When the previous proposer sent some block proposals but failed to send the corresponding checkpoint proposal, the current proposer would assume there was no proposed checkpoint to build on top of, but would still use the proposed blocks as chain tip. This meant a failed canPropose check against the Rollup contract as soon as it started its slot, since the proposed blocks from the previous proposer meant the proposer had a wrong chain tip.
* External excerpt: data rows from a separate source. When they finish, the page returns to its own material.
(** * Quarter-grids *)

Definition reach_along (E : nat * nat -> nat * nat -> Prop) (U : nat * nat -> Prop) :=
  clos_refl_trans (nat * nat) (fun x y => E x y /\ U y).

Definition outside N (v : nat * nat) := N < fst v \/ N < snd v.

Ltac outside_lia := intros; unfold outside in *; simpl in *; lia.

Definition box N : list (nat * nat) :=
  flat_map (fun a => map (fun b => (a, b)) (seq 0 (S N))) (seq 0 (S N)).

Lemma in_box N a b : a <= N -> b <= N -> In (a, b) (box N).
Proof.
  intros Ha Hb. apply in_flat_map. exists a. split; [apply in_seq; lia|].
  apply in_map, in_seq. lia.
Qed.

Lemma list_in_box (F : list (nat * nat)) : exists N, 1 <= N /\ forall v, In v F -> ~ outside N v.
Proof.
  induction F as [|[a b] F [N [HN HF]]].
  - exists 1. split; [auto|]. intros v [].
  - exists (S (max N (max a b))). split; [lia|]. intros v [<-|Hv].
    + outside_lia.
    + apply HF in Hv. unfold outside in *. lia.
Qed.

Lemma injective_leaves_box (X : nat -> nat * nat) N :
  (forall a b, X a = X b -> a = b) -> exists t, outside N (X t).
Proof.
  intros Hinj. destruct (injective_preimage_bounded X Hinj (box N)) as [t Ht]. exists t.
  destruct (X t) as [a b] eqn:E. unfold outside; simpl.
  destruct (le_lt_dec a N); [|auto]. destruct (le_lt_dec b N); [|auto].
  exfalso. specialize (Ht t). rewrite E in Ht.
  specialize (Ht (in_box N a b ltac:(lia) ltac:(lia))). lia.
Qed.

Lemma reach_along_ray E U (Hray : forall r x, 1 <= r -> 1 <= x -> E (r, x) (r, S x)) r c c' :
  1 <= r -> 1 <= c -> c <= c' -> (forall x, c < x <= c' -> U (r, x)) ->
  reach_along E U (r, c) (r, c').
Proof.
  intros Hr Hc Hle HU. induction Hle as [|c' Hle IH].
  - apply rt_refl.
  - eapply rt_trans; [apply IH; intros; apply HU; lia|].
    apply rt_step. split; [apply Hray; lia|apply HU; lia].
Qed.

Section QuarterGrid.
Variables (Vx : nat * nat -> Prop) (A : nat * nat -> nat * nat -> Prop).
Local Notation G := (Digraph (nat * nat) Vx A).
Hypothesis Vx_qvx : forall v, Vx v -> qvx v.

Lemma grid_no_antiray (phi : nat * nat -> nat) (c : nat) :
  (forall u w, A u w -> phi u <= phi w) ->
  (forall v, Vx v -> fst v <= phi v + c /\ snd v <= phi v + c) ->
  forall r, ~ is_antiray G r.
Proof.
  intros Hmono Hb. apply (no_antiray_of_potential G phi Hmono).
  intros K. exists (box (K + c)). intros [a b] Hv HK. apply Hb in Hv. simpl in Hv.
  apply in_box; lia.
Qed.

Variable E : nat * nat -> nat * nat -> Prop.
Hypothesis reach_along_lift :
  forall U u w, reach_along E U u w -> Vx u -> Vx w -> reach_within G U u w.
Hypothesis to_first_ray : forall N, 1 <= N -> forall r c, qvx (r, c) -> outside N (r, c) ->
  exists C, N < C /\ reach_along E (outside N) (r, c) (1, C).
Hypothesis from_first_ray : forall N C, 1 <= N -> N < C -> exists H, forall r c, qvx (r, c) ->
  outside H (r, c) -> reach_along E (outside N) (1, C) (r, c).

Lemma grid_ray_le Q R : is_ray G Q -> is_ray G R -> ray_le G Q R.
Proof.
  intros [HQv [HQi _]] [HRv [HRi _]]. apply ray_le_of_reach. intros F.
  destruct (list_in_box F) as [N [HN HF]].
  destruct (injective_leaves_box Q N HQi) as [t Ht].
  destruct (Q t) as [r c] eqn:EQ.
  assert (Hq : qvx (r, c)) by (rewrite <- EQ; apply Vx_qvx, HQv).
  destruct (to_first_ray N HN r c Hq Ht) as [C [HC Hto]].
  destruct (from_first_ray N C HN HC) as [H Hfrom].
  destruct (injective_leaves_box R H HRi) as [t' Ht'].
  destruct (R t') as [r' c'] eqn:ER.
  assert (Hw : qvx (r', c')) by (rewrite <- ER; apply Vx_qvx, HRv).
  exists (r, c), (r', c'). split; [exists t; auto|]. split; [exists t'; auto|].
  split; [rewrite <- EQ; apply HQv|]. split; [intro Hin; apply HF in Hin; auto|].
  apply reach_within_mono with (U := outside N); [intros v Hv Hin; apply HF in Hin; auto|].
  apply reach_along_lift; [|rewrite <- EQ; apply HQv|rewrite <- ER; apply HRv].
  eapply rt_trans; [exact Hto|]. apply Hfrom; auto.
Qed.

Lemma grid_one_end (phi : nat * nat -> nat) (c : nat) :
  (exists r, is_ray G r) ->
  (forall u w, A u w -> phi u <= phi w) ->
  (forall v, Vx v -> fst v <= phi v + c /\ snd v <= phi v + c) ->
  has_exactly_one_end G.
Proof.
  intros [r Hr] Hmono Hb. split; [exists r; left; auto|].
  intros Q R [HQ|HQ] [HR|HR];
    try (exfalso; eapply grid_no_antiray; eauto; fail).
  split; apply grid_ray_le; auto.
Qed.

End QuarterGrid.

Lemma reach_along_arc_lift (Vx : nat * nat -> Prop) (A : nat * nat -> nat * nat -> Prop) :
  (forall u w, A u w -> Vx w) ->
  forall U u w, reach_along A U u w -> reach_within (Digraph (nat * nat) Vx A) U u w.
Proof.
  intros HA U u w H. induction H as [x y [Hxy HU]| |].
  - apply rt_step. split; [exact Hxy|split; [apply (HA x y Hxy)|exact HU]].
  - apply rt_refl.
  - eapply rt_trans; eauto.
Qed.

Ltac nat_div_facts := repeat match goal with
 | |- context [?a / ?b] => let H := fresh in let H2 := fresh in
   pose proof (Nat.div_mod a b ltac:(lia)) as H;
   pose proof (Nat.mod_upper_bound a b ltac:(lia)) as H2;
   generalize dependent (a / b); generalize dependent (a mod b); intros
 end.

Local Notation Ed := (arc descending_cdqg).

Lemma desc_ray_arc r x : 1 <= r -> 1 <= x -> Ed (r, x) (r, S x).
Proof. intros. simpl. unfold qvx, ray_edge; simpl. split; [lia|split; [lia|left; lia]]. Qed.

Lemma desc_diag_arc i m : 1 <= i -> 1 <= m -> Ed (i + 1, 2 * m) (i, 2 * m + 1).
Proof.
  intros. simpl. unfold qvx; simpl. split; [lia|split; [lia|]].
  right; left. exists i, (2 * m). split; auto. split; [exists m; lia|auto].
Qed.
To fix, the sequencer is now aware that there may be proposed blocks without the corresponding checkpoints, and it can't start building until that's resolved. Also, the archiver now prunes proposed blocks without a checkpoint when the corresponding build slot is over.


Motivation

Under proposer pipelining a node can receive and reexecute the block-only proposals for a checkpoint before (or without ever) receiving the enclosing proposed checkpoint. This leaves the local tip one checkpoint ahead of the checkpointed tip with no proposed checkpoint backing it. A sequencer that then builds the next checkpoint on top of that orphan tip forks the chain off a parent no other node can follow, which was the root cause behind the sentinel CI flake.

Approach

Two complementary defenses. The sequencer's checkSync refuses to proceed when the synced block's checkpoint is ahead of the checkpointed tip and no matching proposed checkpoint exists, holding the line during the window before cleanup. The archiver adds a wall-clock orphan prune that, shortly after a block's build slot ends, removes a block-only tip whose checkpoint was never proposed, restoring liveness even while L1 is quiet.

Changes

  • sequencer-client: checkSync rejects syncing onto a proposed block with no matching proposed-checkpoint tip/data, logging a descriptive warning.
  • archiver: new pruneOrphanProposedBlocks on the L1 synchronizer, run from Archiver.sync() after the inbound queue drains and before L1 sync; prunes after start(blockSlot) + grace using the epoch-cache pipelining offset and emits L2PruneUncheckpointed. The existing L1-sync prune is preserved (shared prune/emit helper).
  • archiver/stdlib/foundation config: new orphanProposedBlockPruneGraceSeconds in ArchiverSpecificConfig, archiver config mappings (ARCHIVER_ORPHAN_PROPOSED_BLOCK_PRUNE_GRACE_SECONDS), mapArchiverConfig, the synchronizer/archiver config types, and a new EnvVar.
  • aztec-node: defaults the grace window from blockDurationMs / 1000 when unset, falling back to MIN_EXECUTION_TIME; the archiver factory also defaults to MIN_EXECUTION_TIME.
  • sequencer-client (tests): orphan tip returns undefined and warns; matching proposed checkpoint proceeds.
  • archiver (tests): no prune before grace; prune + event after grace; no prune when a matching proposed checkpoint exists; queued proposed checkpoint is processed before the prune.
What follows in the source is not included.